Hello! Stay away from Runnah!


----------



## manaheim (Mar 15, 2013)

ambur_rene said:


> Hi I'm Amber.





Wow, that's too funny.

Really nice shots, tevo. Great action, nice compositions, awesome color and clarity. Really really nice.

Oh and yes, amber is cute.


----------



## runnah (Mar 15, 2013)

Tiller said:


> Hello! Stay away from Runnah!



Hey y'all I am a nice
A


----------



## Michael79 (Mar 16, 2013)

I like them all, the color ones are amazing and vibrant. A silly question for you, with the color is there something special you do? I see those colors when I shoot them, but they end up being flat. So I was just curious.

Again amazing shots.

Like this guys photo ^^^ very flat.


----------



## rodbender (Mar 16, 2013)

Canada's National sport


----------



## tevo (Mar 16, 2013)

Michael79 said:


> I like them all, the color ones are amazing and vibrant. A silly question for you, with the color is there something special you do? I see those colors when I shoot them, but they end up being flat. So I was just curious.
> 
> Again amazing shots.
> 
> Like this guys photo ^^^ very flat.



Just some adjustments to contrast and saturation to make the colors pop!


----------



## Dikkie (May 5, 2013)

Oh, _Lacrosse_!

I was thinking about _Parkour _!
Another sport, without helmets or sticks:
Parkour - Wikipedia, the free encyclopedia

You'll find some cool videos about it too


----------



## tevo (May 5, 2013)

Dikkie said:


> Oh, Lacrosse!
> 
> I was thinking about Parkour !
> Another sport, without helmets or sticks:
> ...



I am an active traceur, I'm looking into Parkour photography actually.


----------



## Dikkie (May 7, 2013)

tevo said:


> I am an active traceur, I'm looking into Parkour photography actually.
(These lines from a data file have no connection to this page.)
(* Let $V$ be a finite-dimensional normed mixed lattice space (i.e. its topology is given by a mixed lattice norm). If the cone $V_{sp}$ is generating ($V=V_{sp}-V_{sp}$), then $(V,\preccurlyeq)$ is a lattice.
   Context: A mixed lattice vector space $(V,\le,\preccurlyeq)$ is a real vector space $V$ with two partial orderings $\le$ (initial order) and $\preccurlyeq$ (specific order), each making $V$ a partially ordered vector space, with positive cones $V_p=\{x:0\le x\}$, $V_{sp}=\{x:0\preccurlyeq x\}$, such that: (1) for all $x,y$ the elements $x\curlyvee y=\min\{w: w\succcurlyeq x,\ w\ge y\}$ and $x\curlywedge y=\max\{w: w\preccurlyeq x,\ w\le y\}$ exist (min/max with respect to $\le$); (2) $x\preccurlyeq y$ implies $x\le y$; (3) $x\curlyvee y, x\curlywedge y\in V_{sp}$ whenever $x,y\in V_{sp}$. Notation: $x^u=0\curlyvee x$, $x^l=0\curlyvee(-x)$, $s(x)=x^u+x^l$. A norm $\rho$ on $V$ is a mixed lattice norm if $s(x)\le s(y)$ implies $\rho(x)\le\rho(y)$. *)

From HB Require Import structures.
From mathcomp Require Import all_boot all_order all_algebra.
From mathcomp Require Import reals.
Set Implicit Arguments. Unset Strict Implicit. Unset Printing Implicit Defensive.
Import Order.TTheory GRing.Theory Num.Theory.
Local Open Scope ring_scope.

Section MixedLattice.
Variables (R : realType) (V : lmodType R).

Definition povs (le : V -> V -> Prop) : Prop :=
  [/\ (forall x, le x x),
      (forall x y, le x y -> le y x -> x = y),
      (forall x y z, le x y -> le y z -> le x z),
      (forall x y z, le x y -> le (x + z) (y + z)) &
      (forall (a : R) x y, 0 <= a -> le x y -> le (a *: x) (a *: y))].

(* w = x ⋎ y : the <=-least w with x ≼ w and y <= w *)
Definition is_mixed_upper (le sle : V -> V -> Prop) (x y w : V) : Prop :=
  [/\ sle x w, le y w & forall w', sle x w' -> le y w' -> le w w'].

(* w = x ⋏ y : the <=-greatest w with w ≼ x and w <= y *)
Definition is_mixed_lower (le sle : V -> V -> Prop) (x y w : V) : Prop :=
  [/\ sle w x, le w y & forall w', sle w' x -> le w' y -> le w' w].

Definition mixed_lattice_space (le sle : V -> V -> Prop) : Prop :=
  povs le /\ povs sle /\
  (forall x y, exists w, is_mixed_upper le sle x y w) /\
  (forall x y, exists w, is_mixed_lower le sle x y w) /\
  (forall x y, sle x y -> le x y) /\
  (forall x y, sle 0 x -> sle 0 y ->
     (forall w, is_mixed_upper le sle x y w -> sle 0 w) /\
     (forall w, is_mixed_lower le sle x y w -> sle 0 w)).

Definition s_of (le sle : V -> V -> Prop) (x s : V) : Prop :=
  exists u l, is_mixed_upper le sle 0 x u /\ is_mixed_upper le sle 0 (- x) l
              /\ s = u + l.

Definition is_norm (rho : V -> R) : Prop :=
  [/\ (forall x, rho x = 0 -> x = 0),
      (forall (a : R) x, rho (a *: x) = `|a| * rho x) &
      (forall x y, rho (x + y) <= rho x + rho y)].

Definition mixed_lattice_norm (le sle : V -> V -> Prop) (rho : V -> R) : Prop :=
  is_norm rho /\
  forall x y sx sy, s_of le sle x sx -> s_of le sle y sy -> le sx sy -> rho x <= rho y.

Definition generating_cone (sle : V -> V -> Prop) : Prop :=
  forall v, exists a b, sle 0 a /\ sle 0 b /\ v = a - b.

Definition is_sup (ord : V -> V -> Prop) (x y w : V) : Prop :=
  [/\ ord x w, ord y w & forall w', ord x w' -> ord y w' -> ord w w'].

Definition is_inf (ord : V -> V -> Prop) (x y w : V) : Prop :=
  [/\ ord w x, ord w y & forall w', ord w' x -> ord w' y -> ord w' w].

Definition is_lattice (ord : V -> V -> Prop) : Prop :=
  forall x y, (exists w, is_sup ord x y w) /\ (exists w, is_inf ord x y w).

End MixedLattice.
Cool, post some pictures of it sooner or later! 
(in this thread, of course)


----------



## ktan7 (May 8, 2013)

Great shots!


----------



## tevo (May 10, 2013)

ktan7 said:


> Great shots!



Thank you!


----------



## tevo (May 10, 2013)

Dikkie said:


> tevo said:
> 
> 
> > I am an active traceur, I'm looking into Parkour photography actually.
> ...



I shall


----------